(* A chain of compatible families has a compatible lower bound: at each point
   take the member of the chain of least dimension there. *)
Lemma chain_lower_bound (F : aff_family -> Prop) :
  (forall B, F B -> compatible B) -> (exists B, F B) ->
  (forall B B', F B -> F B' -> below B B' \/ below B' B) ->
  exists2 U, compatible U & forall B, F B -> below U B.
Proof.
move=> Fcomp Fne Ftot.
have Fmin p : exists Bp, F Bp /\ forall B, F B -> (\dim (Bp p).2 <= \dim (B p).2)%N.
  by have [Bp ? ?] := ex_argmin_nat (fun B => \dim (B p).2) Fne; exists Bp.
pose Bmin p := projT1 (cid (Fmin p)).
have FBmin p : F (Bmin p) by case: (projT2 (cid (Fmin p))).
have Bmin_dim p B : F B -> (\dim (Bmin p p).2 <= \dim (B p).2)%N.
  by case: (projT2 (cid (Fmin p))) => _; apply.
have Bmin_le p B : p \in R -> F B -> aff_le (Bmin p p) (B p).
  move=> Rp FB; case: (Ftot _ _ (FBmin p) FB) => [/(_ p Rp) //|/(_ p Rp) le].
  exact: aff_le_dim le (Bmin_dim p _ FB).
exists (fun p => Bmin p p) => [p q v Rp Rq lepq Bv|B FB p Rp]; last exact: Bmin_le.
by apply: (Fcomp _ (FBmin q)) => //; exact: aff_le_on (Bmin_le p _ Rp (FBmin q)) Bv.
Qed.

Variable base : aff_family.
Hypothesis base_compat : compatible base.

Lemma minimal_family : exists Bm, [/\ compatible Bm, below Bm base &
  forall B, compatible B -> below B Bm -> below Bm B].
Proof.
pose T := {B : aff_family | compatible B /\ below B base}.
pose t0 : T := exist _ base (conj base_compat (@below_refl base)).
pose Rel (a b : T) := `[< below (sval b) (sval a) >].
have Rrefl a : Rel a a by apply/asboolP; exact: below_refl.
have Rtrans a b c : Rel a b -> Rel b c -> Rel a c.
  by move=> /asboolP ab /asboolP bc; apply/asboolP; exact: below_trans bc ab.
have chain A : classical_sets.total_on A Rel -> exists t, forall s, A s -> Rel s t.
  move=> Atot; pose F B := B = base \/ exists2 a : T, A a & sval a = B.
  have Fcomp B : F B -> compatible B by case=> [->|[a _ <-]] //; case: (svalP a).
  have Ftot B B' : F B -> F B' -> below B B' \/ below B' B.
    case=> [->|[a Aa <-]] [->|[b Ab <-]]; [by left; apply: below_refl
      | by right; case: (svalP b)| by left; case: (svalP a)|].
    by case: (Atot a b Aa Ab) => /asboolP ?; [right|left].
  have [U Ucomp Umin] := chain_lower_bound Fcomp (ex_intro _ base (or_introl erefl)) Ftot.
  exists (exist _ U (conj Ucomp (Umin _ (or_introl erefl)))) => a Aa.
  by apply/asboolP; apply: Umin; right; exists a.
have [[Bm [Bcomp Bbase]] Bmax] := classical_sets.ZL_preorder t0 Rrefl Rtrans chain.
exists Bm; split=> // B Bc BBm.
have BT : compatible B /\ below B base by split=> //; exact: below_trans BBm Bbase.
by have /asboolP := Bmax (exist _ B BT) (introT (asboolP _) BBm).
Qed.

Section ShrinkAtPoint.
Variables (B : aff_family) (p0 : L).
Hypotheses (Bcomp : compatible B) (Rp0 : p0 \in R).

Let img r := aff_img (f r p0) (B r).

Lemma img_mono r' r : r' \in R -> r \in R -> r' <= r -> r <= p0 ->
  aff_le (img r') (img r).
Proof.
move=> Rr' Rr le'r lerp; apply: aff_img_le (fun v => fcomp v Rr' Rr Rp0 le'r lerp) _.
by move=> v; exact: Bcomp.
Qed.

(* The images of the B r (r <= p0) are decreasing as r decreases; a smallest one
   exists by finite dimensionality, and it lies in all others since R has meets. *)
Lemma stable_image : exists2 rs, rs \in R /\ rs <= p0 &
  forall r, r \in R -> r <= p0 -> aff_le (img rs) (img r).
Proof.
have [rs [Rrs lers] rsmin] := ex_argmin_nat (fun r => \dim (img r).2)
  (ex_intro (fun r => r \in R /\ r <= p0) p0 (conj Rp0 (lexx p0))).
exists rs => // r Rr lerp; have Rm := RI Rr Rrs.
have lem0 : r `&` rs <= p0 := le_trans (leIl _ _) lerp.
have := aff_le_dim (img_mono Rm Rrs (leIr _ _) lers) (rsmin _ (conj Rm lem0)).
by move/aff_le_trans; apply; exact: img_mono Rm Rr (leIl _ _) lerp.
Qed.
★ ★ ★ ★ ★
- _Task instructions_:
Exactly as they appear, retype the lines from the start of the records through the line containing "have Bmin_dim p".

- _Solution for this exercise_:
(* A chain of compatible families has a compatible lower bound: at each point
   take the member of the chain of least dimension there. *)
Lemma chain_lower_bound (F : aff_family -> Prop) :
  (forall B, F B -> compatible B) -> (exists B, F B) ->
  (forall B B', F B -> F B' -> below B B' \/ below B' B) ->
  exists2 U, compatible U & forall B, F B -> below U B.
Proof.
move=> Fcomp Fne Ftot.
have Fmin p : exists Bp, F Bp /\ forall B, F B -> (\dim (Bp p).2 <= \dim (B p).2)%N.
  by have [Bp ? ?] := ex_argmin_nat (fun B => \dim (B p).2) Fne; exists Bp.
pose Bmin p := projT1 (cid (Fmin p)).
have FBmin p : F (Bmin p) by case: (projT2 (cid (Fmin p))).
have Bmin_dim p B : F B -> (\dim (Bmin p p).2 <= \dim (B p).2)%N.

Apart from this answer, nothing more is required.